INFORMATION

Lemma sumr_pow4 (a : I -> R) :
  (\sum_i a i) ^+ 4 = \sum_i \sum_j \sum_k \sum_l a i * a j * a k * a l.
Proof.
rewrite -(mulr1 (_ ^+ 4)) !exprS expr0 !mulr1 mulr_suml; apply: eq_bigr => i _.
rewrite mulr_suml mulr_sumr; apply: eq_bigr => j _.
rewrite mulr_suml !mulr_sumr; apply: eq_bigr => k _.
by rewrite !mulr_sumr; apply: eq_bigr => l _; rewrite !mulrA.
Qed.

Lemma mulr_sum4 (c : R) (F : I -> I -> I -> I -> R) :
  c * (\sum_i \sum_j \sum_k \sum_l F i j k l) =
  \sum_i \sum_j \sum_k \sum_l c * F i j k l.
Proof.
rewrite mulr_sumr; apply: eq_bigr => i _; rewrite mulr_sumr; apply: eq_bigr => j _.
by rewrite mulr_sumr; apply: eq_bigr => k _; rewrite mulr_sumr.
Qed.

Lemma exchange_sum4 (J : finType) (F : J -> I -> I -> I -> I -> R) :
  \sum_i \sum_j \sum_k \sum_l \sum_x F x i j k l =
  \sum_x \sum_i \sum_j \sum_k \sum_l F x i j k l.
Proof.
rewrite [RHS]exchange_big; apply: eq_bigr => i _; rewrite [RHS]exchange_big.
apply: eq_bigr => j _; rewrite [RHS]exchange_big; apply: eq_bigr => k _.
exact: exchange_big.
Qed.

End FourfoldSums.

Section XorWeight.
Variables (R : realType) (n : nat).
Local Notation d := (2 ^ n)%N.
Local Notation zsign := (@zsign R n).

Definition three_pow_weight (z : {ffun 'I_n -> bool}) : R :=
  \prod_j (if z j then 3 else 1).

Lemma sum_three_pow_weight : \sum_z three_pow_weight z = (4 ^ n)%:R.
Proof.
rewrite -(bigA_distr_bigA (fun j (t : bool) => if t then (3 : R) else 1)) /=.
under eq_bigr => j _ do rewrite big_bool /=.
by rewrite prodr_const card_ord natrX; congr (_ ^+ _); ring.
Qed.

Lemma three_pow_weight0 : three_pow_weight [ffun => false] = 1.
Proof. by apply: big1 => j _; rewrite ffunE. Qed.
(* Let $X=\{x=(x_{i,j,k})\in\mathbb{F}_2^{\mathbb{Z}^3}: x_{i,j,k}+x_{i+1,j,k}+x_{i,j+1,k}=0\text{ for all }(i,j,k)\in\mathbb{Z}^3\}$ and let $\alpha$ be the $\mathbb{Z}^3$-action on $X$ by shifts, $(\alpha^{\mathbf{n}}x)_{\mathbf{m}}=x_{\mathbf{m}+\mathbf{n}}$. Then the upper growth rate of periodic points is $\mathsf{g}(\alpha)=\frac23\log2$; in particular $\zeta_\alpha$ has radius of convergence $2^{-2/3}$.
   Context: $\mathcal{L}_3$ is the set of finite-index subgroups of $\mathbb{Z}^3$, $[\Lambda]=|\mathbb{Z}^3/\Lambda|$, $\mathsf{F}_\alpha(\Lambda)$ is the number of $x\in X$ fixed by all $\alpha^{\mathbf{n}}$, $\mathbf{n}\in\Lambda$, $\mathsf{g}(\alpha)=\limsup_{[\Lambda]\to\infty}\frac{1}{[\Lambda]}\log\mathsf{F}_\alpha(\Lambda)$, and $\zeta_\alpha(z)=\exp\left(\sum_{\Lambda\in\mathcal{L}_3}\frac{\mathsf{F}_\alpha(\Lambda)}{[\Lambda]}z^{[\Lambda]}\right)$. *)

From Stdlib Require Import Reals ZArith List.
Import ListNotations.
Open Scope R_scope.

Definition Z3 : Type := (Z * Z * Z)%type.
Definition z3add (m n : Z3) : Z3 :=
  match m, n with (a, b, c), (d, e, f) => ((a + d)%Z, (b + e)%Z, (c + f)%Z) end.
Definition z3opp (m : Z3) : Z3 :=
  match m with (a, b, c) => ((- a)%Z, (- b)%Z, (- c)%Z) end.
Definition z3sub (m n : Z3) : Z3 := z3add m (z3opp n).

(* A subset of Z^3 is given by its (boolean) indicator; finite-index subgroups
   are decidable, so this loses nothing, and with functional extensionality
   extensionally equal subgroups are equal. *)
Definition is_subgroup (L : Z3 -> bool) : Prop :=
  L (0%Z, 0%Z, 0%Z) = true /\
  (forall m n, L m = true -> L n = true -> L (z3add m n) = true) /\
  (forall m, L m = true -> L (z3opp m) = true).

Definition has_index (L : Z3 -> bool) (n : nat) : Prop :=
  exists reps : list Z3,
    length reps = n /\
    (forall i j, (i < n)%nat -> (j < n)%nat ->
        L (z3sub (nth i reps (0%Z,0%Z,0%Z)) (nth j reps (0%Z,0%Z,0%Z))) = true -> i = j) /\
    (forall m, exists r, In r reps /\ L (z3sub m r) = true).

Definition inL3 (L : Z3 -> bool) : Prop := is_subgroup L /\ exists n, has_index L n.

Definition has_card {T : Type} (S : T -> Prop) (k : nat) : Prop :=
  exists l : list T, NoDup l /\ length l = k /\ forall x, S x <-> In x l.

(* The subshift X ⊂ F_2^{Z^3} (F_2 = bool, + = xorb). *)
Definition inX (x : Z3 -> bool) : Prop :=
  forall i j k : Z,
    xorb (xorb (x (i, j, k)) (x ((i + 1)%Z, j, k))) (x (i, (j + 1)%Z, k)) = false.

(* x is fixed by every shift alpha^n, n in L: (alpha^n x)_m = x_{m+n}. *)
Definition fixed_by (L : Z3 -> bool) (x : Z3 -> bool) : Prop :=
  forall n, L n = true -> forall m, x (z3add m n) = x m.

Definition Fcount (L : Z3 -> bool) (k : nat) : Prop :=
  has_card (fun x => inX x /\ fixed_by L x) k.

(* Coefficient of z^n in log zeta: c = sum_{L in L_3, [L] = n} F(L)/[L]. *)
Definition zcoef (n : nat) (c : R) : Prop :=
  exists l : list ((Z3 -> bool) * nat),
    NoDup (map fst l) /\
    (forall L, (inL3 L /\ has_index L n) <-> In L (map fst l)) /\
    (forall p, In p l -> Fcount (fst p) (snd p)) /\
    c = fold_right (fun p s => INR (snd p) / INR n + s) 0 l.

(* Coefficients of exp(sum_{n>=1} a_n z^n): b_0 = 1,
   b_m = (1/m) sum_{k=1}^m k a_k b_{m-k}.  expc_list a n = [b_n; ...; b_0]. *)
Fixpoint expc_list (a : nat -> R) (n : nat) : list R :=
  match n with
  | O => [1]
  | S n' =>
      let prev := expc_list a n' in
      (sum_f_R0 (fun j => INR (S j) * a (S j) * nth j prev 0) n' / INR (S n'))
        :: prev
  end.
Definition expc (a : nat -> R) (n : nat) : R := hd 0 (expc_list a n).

DESCRIPTION OF THE TASK
The records above are to be printed out again exactly, without omission.

SOLUTION TO THE PROBLEM
Lemma sumr_pow4 (a : I -> R) :
  (\sum_i a i) ^+ 4 = \sum_i \sum_j \sum_k \sum_l a i * a j * a k * a l.
Proof.
rewrite -(mulr1 (_ ^+ 4)) !exprS expr0 !mulr1 mulr_suml; apply: eq_bigr => i _.
rewrite mulr_suml mulr_sumr; apply: eq_bigr => j _.
rewrite mulr_suml !mulr_sumr; apply: eq_bigr => k _.
by rewrite !mulr_sumr; apply: eq_bigr => l _; rewrite !mulrA.
Qed.

Lemma mulr_sum4 (c : R) (F : I -> I -> I -> I -> R) :
  c * (\sum_i \sum_j \sum_k \sum_l F i j k l) =
  \sum_i \sum_j \sum_k \sum_l c * F i j k l.
Proof.
rewrite mulr_sumr; apply: eq_bigr => i _; rewrite mulr_sumr; apply: eq_bigr => j _.
by rewrite mulr_sumr; apply: eq_bigr => k _; rewrite mulr_sumr.
Qed.

Lemma exchange_sum4 (J : finType) (F : J -> I -> I -> I -> I -> R) :
  \sum_i \sum_j \sum_k \sum_l \sum_x F x i j k l =
  \sum_x \sum_i \sum_j \sum_k \sum_l F x i j k l.
Proof.
rewrite [RHS]exchange_big; apply: eq_bigr => i _; rewrite [RHS]exchange_big.
apply: eq_bigr => j _; rewrite [RHS]exchange_big; apply: eq_bigr => k _.
exact: exchange_big.
Qed.

End FourfoldSums.

Section XorWeight.
Variables (R : realType) (n : nat).
Local Notation d := (2 ^ n)%N.
Local Notation zsign := (@zsign R n).

Definition three_pow_weight (z : {ffun 'I_n -> bool}) : R :=
  \prod_j (if z j then 3 else 1).

Lemma sum_three_pow_weight : \sum_z three_pow_weight z = (4 ^ n)%:R.
Proof.
rewrite -(bigA_distr_bigA (fun j (t : bool) => if t then (3 : R) else 1)) /=.
under eq_bigr => j _ do rewrite big_bool /=.
by rewrite prodr_const card_ord natrX; congr (_ ^+ _); ring.
Qed.

Lemma three_pow_weight0 : three_pow_weight [ffun => false] = 1.
Proof. by apply: big1 => j _; rewrite ffunE. Qed.
(* Let $X=\{x=(x_{i,j,k})\in\mathbb{F}_2^{\mathbb{Z}^3}: x_{i,j,k}+x_{i+1,j,k}+x_{i,j+1,k}=0\text{ for all }(i,j,k)\in\mathbb{Z}^3\}$ and let $\alpha$ be the $\mathbb{Z}^3$-action on $X$ by shifts, $(\alpha^{\mathbf{n}}x)_{\mathbf{m}}=x_{\mathbf{m}+\mathbf{n}}$. Then the upper growth rate of periodic points is $\mathsf{g}(\alpha)=\frac23\log2$; in particular $\zeta_\alpha$ has radius of convergence $2^{-2/3}$.
   Context: $\mathcal{L}_3$ is the set of finite-index subgroups of $\mathbb{Z}^3$, $[\Lambda]=|\mathbb{Z}^3/\Lambda|$, $\mathsf{F}_\alpha(\Lambda)$ is the number of $x\in X$ fixed by all $\alpha^{\mathbf{n}}$, $\mathbf{n}\in\Lambda$, $\mathsf{g}(\alpha)=\limsup_{[\Lambda]\to\infty}\frac{1}{[\Lambda]}\log\mathsf{F}_\alpha(\Lambda)$, and $\zeta_\alpha(z)=\exp\left(\sum_{\Lambda\in\mathcal{L}_3}\frac{\mathsf{F}_\alpha(\Lambda)}{[\Lambda]}z^{[\Lambda]}\right)$. *)

From Stdlib Require Import Reals ZArith List.
Import ListNotations.
Open Scope R_scope.

Definition Z3 : Type := (Z * Z * Z)%type.
Definition z3add (m n : Z3) : Z3 :=
  match m, n with (a, b, c), (d, e, f) => ((a + d)%Z, (b + e)%Z, (c + f)%Z) end.
Definition z3opp (m : Z3) : Z3 :=
  match m with (a, b, c) => ((- a)%Z, (- b)%Z, (- c)%Z) end.
Definition z3sub (m n : Z3) : Z3 := z3add m (z3opp n).

(* A subset of Z^3 is given by its (boolean) indicator; finite-index subgroups
   are decidable, so this loses nothing, and with functional extensionality
   extensionally equal subgroups are equal. *)
Definition is_subgroup (L : Z3 -> bool) : Prop :=
  L (0%Z, 0%Z, 0%Z) = true /\
  (forall m n, L m = true -> L n = true -> L (z3add m n) = true) /\
  (forall m, L m = true -> L (z3opp m) = true).

Definition has_index (L : Z3 -> bool) (n : nat) : Prop :=
  exists reps : list Z3,
    length reps = n /\
    (forall i j, (i < n)%nat -> (j < n)%nat ->
        L (z3sub (nth i reps (0%Z,0%Z,0%Z)) (nth j reps (0%Z,0%Z,0%Z))) = true -> i = j) /\
    (forall m, exists r, In r reps /\ L (z3sub m r) = true).

Definition inL3 (L : Z3 -> bool) : Prop := is_subgroup L /\ exists n, has_index L n.

Definition has_card {T : Type} (S : T -> Prop) (k : nat) : Prop :=
  exists l : list T, NoDup l /\ length l = k /\ forall x, S x <-> In x l.

(* The subshift X ⊂ F_2^{Z^3} (F_2 = bool, + = xorb). *)
Definition inX (x : Z3 -> bool) : Prop :=
  forall i j k : Z,
    xorb (xorb (x (i, j, k)) (x ((i + 1)%Z, j, k))) (x (i, (j + 1)%Z, k)) = false.

(* x is fixed by every shift alpha^n, n in L: (alpha^n x)_m = x_{m+n}. *)
Definition fixed_by (L : Z3 -> bool) (x : Z3 -> bool) : Prop :=
  forall n, L n = true -> forall m, x (z3add m n) = x m.

Definition Fcount (L : Z3 -> bool) (k : nat) : Prop :=
  has_card (fun x => inX x /\ fixed_by L x) k.

(* Coefficient of z^n in log zeta: c = sum_{L in L_3, [L] = n} F(L)/[L]. *)
Definition zcoef (n : nat) (c : R) : Prop :=
  exists l : list ((Z3 -> bool) * nat),
    NoDup (map fst l) /\
    (forall L, (inL3 L /\ has_index L n) <-> In L (map fst l)) /\
    (forall p, In p l -> Fcount (fst p) (snd p)) /\
    c = fold_right (fun p s => INR (snd p) / INR n + s) 0 l.

(* Coefficients of exp(sum_{n>=1} a_n z^n): b_0 = 1,
   b_m = (1/m) sum_{k=1}^m k a_k b_{m-k}.  expc_list a n = [b_n; ...; b_0]. *)
Fixpoint expc_list (a : nat -> R) (n : nat) : list R :=
  match n with
  | O => [1]
  | S n' =>
      let prev := expc_list a n' in
      (sum_f_R0 (fun j => INR (S j) * a (S j) * nth j prev 0) n' / INR (S n'))
        :: prev
  end.
Definition expc (a : nat -> R) (n : nat) : R := hd 0 (expc_list a n).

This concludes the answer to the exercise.